[DATASET EXTRACT]
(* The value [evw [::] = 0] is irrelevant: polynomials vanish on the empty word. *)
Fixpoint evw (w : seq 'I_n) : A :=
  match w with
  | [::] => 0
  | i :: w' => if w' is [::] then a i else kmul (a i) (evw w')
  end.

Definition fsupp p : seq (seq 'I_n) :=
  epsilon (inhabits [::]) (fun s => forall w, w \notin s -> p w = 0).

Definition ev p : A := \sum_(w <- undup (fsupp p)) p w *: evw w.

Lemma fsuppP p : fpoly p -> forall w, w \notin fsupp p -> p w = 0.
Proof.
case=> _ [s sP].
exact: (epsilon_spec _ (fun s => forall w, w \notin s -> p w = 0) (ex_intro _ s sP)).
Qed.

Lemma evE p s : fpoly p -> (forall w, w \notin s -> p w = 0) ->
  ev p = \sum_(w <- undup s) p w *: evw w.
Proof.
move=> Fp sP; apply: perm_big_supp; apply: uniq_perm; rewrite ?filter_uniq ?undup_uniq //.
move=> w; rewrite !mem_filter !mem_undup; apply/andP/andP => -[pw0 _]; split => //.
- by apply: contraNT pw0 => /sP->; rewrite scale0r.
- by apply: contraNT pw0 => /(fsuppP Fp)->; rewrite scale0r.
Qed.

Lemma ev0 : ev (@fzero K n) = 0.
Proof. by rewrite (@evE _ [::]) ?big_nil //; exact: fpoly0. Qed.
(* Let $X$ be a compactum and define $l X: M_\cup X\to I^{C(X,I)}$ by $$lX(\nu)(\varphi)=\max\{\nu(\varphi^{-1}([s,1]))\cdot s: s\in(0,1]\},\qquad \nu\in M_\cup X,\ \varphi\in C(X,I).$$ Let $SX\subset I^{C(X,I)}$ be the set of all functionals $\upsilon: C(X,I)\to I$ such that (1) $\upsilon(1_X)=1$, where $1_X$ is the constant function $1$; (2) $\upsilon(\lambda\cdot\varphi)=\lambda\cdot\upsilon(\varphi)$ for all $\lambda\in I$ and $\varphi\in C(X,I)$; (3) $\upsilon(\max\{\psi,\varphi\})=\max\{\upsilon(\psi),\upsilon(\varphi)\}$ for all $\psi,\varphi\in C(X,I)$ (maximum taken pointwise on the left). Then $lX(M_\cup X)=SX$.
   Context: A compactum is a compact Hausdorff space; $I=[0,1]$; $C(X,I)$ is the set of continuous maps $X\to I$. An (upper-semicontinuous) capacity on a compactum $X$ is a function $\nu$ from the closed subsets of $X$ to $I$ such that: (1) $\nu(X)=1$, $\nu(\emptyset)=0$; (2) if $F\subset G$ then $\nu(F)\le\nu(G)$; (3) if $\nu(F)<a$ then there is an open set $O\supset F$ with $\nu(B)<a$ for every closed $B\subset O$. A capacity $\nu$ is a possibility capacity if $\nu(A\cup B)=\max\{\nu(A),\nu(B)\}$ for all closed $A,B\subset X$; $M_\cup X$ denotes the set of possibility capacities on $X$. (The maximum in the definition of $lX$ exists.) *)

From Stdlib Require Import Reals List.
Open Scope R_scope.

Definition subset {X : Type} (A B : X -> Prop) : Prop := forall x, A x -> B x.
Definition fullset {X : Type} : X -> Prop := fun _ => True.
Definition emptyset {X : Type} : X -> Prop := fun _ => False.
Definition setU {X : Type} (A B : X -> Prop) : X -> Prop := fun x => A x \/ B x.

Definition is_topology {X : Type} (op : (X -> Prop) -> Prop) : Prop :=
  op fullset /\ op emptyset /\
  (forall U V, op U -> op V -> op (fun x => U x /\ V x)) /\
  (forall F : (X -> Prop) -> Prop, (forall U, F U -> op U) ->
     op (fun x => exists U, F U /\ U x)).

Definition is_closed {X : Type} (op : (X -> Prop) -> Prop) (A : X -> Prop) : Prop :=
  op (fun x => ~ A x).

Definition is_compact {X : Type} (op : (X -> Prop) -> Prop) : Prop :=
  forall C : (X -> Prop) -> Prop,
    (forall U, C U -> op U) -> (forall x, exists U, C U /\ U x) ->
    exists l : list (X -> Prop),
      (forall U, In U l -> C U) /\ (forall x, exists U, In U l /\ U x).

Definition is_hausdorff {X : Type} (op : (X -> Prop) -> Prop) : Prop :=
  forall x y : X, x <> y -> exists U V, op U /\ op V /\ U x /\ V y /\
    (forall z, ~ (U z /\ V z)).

[WHAT IS REQUIRED] The full data, transcribed without change, is the expected answer.

[RESULT BELOW]
(* The value [evw [::] = 0] is irrelevant: polynomials vanish on the empty word. *)
Fixpoint evw (w : seq 'I_n) : A :=
  match w with
  | [::] => 0
  | i :: w' => if w' is [::] then a i else kmul (a i) (evw w')
  end.

Definition fsupp p : seq (seq 'I_n) :=
  epsilon (inhabits [::]) (fun s => forall w, w \notin s -> p w = 0).

Definition ev p : A := \sum_(w <- undup (fsupp p)) p w *: evw w.

Lemma fsuppP p : fpoly p -> forall w, w \notin fsupp p -> p w = 0.
Proof.
case=> _ [s sP].
exact: (epsilon_spec _ (fun s => forall w, w \notin s -> p w = 0) (ex_intro _ s sP)).
Qed.

Lemma evE p s : fpoly p -> (forall w, w \notin s -> p w = 0) ->
  ev p = \sum_(w <- undup s) p w *: evw w.
Proof.
move=> Fp sP; apply: perm_big_supp; apply: uniq_perm; rewrite ?filter_uniq ?undup_uniq //.
move=> w; rewrite !mem_filter !mem_undup; apply/andP/andP => -[pw0 _]; split => //.
- by apply: contraNT pw0 => /sP->; rewrite scale0r.
- by apply: contraNT pw0 => /(fsuppP Fp)->; rewrite scale0r.
Qed.

Lemma ev0 : ev (@fzero K n) = 0.
Proof. by rewrite (@evE _ [::]) ?big_nil //; exact: fpoly0. Qed.
(* Let $X$ be a compactum and define $l X: M_\cup X\to I^{C(X,I)}$ by $$lX(\nu)(\varphi)=\max\{\nu(\varphi^{-1}([s,1]))\cdot s: s\in(0,1]\},\qquad \nu\in M_\cup X,\ \varphi\in C(X,I).$$ Let $SX\subset I^{C(X,I)}$ be the set of all functionals $\upsilon: C(X,I)\to I$ such that (1) $\upsilon(1_X)=1$, where $1_X$ is the constant function $1$; (2) $\upsilon(\lambda\cdot\varphi)=\lambda\cdot\upsilon(\varphi)$ for all $\lambda\in I$ and $\varphi\in C(X,I)$; (3) $\upsilon(\max\{\psi,\varphi\})=\max\{\upsilon(\psi),\upsilon(\varphi)\}$ for all $\psi,\varphi\in C(X,I)$ (maximum taken pointwise on the left). Then $lX(M_\cup X)=SX$.
   Context: A compactum is a compact Hausdorff space; $I=[0,1]$; $C(X,I)$ is the set of continuous maps $X\to I$. An (upper-semicontinuous) capacity on a compactum $X$ is a function $\nu$ from the closed subsets of $X$ to $I$ such that: (1) $\nu(X)=1$, $\nu(\emptyset)=0$; (2) if $F\subset G$ then $\nu(F)\le\nu(G)$; (3) if $\nu(F)<a$ then there is an open set $O\supset F$ with $\nu(B)<a$ for every closed $B\subset O$. A capacity $\nu$ is a possibility capacity if $\nu(A\cup B)=\max\{\nu(A),\nu(B)\}$ for all closed $A,B\subset X$; $M_\cup X$ denotes the set of possibility capacities on $X$. (The maximum in the definition of $lX$ exists.) *)

From Stdlib Require Import Reals List.
Open Scope R_scope.

Definition subset {X : Type} (A B : X -> Prop) : Prop := forall x, A x -> B x.
Definition fullset {X : Type} : X -> Prop := fun _ => True.
Definition emptyset {X : Type} : X -> Prop := fun _ => False.
Definition setU {X : Type} (A B : X -> Prop) : X -> Prop := fun x => A x \/ B x.

Definition is_topology {X : Type} (op : (X -> Prop) -> Prop) : Prop :=
  op fullset /\ op emptyset /\
  (forall U V, op U -> op V -> op (fun x => U x /\ V x)) /\
  (forall F : (X -> Prop) -> Prop, (forall U, F U -> op U) ->
     op (fun x => exists U, F U /\ U x)).

Definition is_closed {X : Type} (op : (X -> Prop) -> Prop) (A : X -> Prop) : Prop :=
  op (fun x => ~ A x).

Definition is_compact {X : Type} (op : (X -> Prop) -> Prop) : Prop :=
  forall C : (X -> Prop) -> Prop,
    (forall U, C U -> op U) -> (forall x, exists U, C U /\ U x) ->
    exists l : list (X -> Prop),
      (forall U, In U l -> C U) /\ (forall x, exists U, In U l /\ U x).

Definition is_hausdorff {X : Type} (op : (X -> Prop) -> Prop) : Prop :=
  forall x y : X, x <> y -> exists U V, op U /\ op V /\ U x /\ V y /\
    (forall z, ~ (U z /\ V z)).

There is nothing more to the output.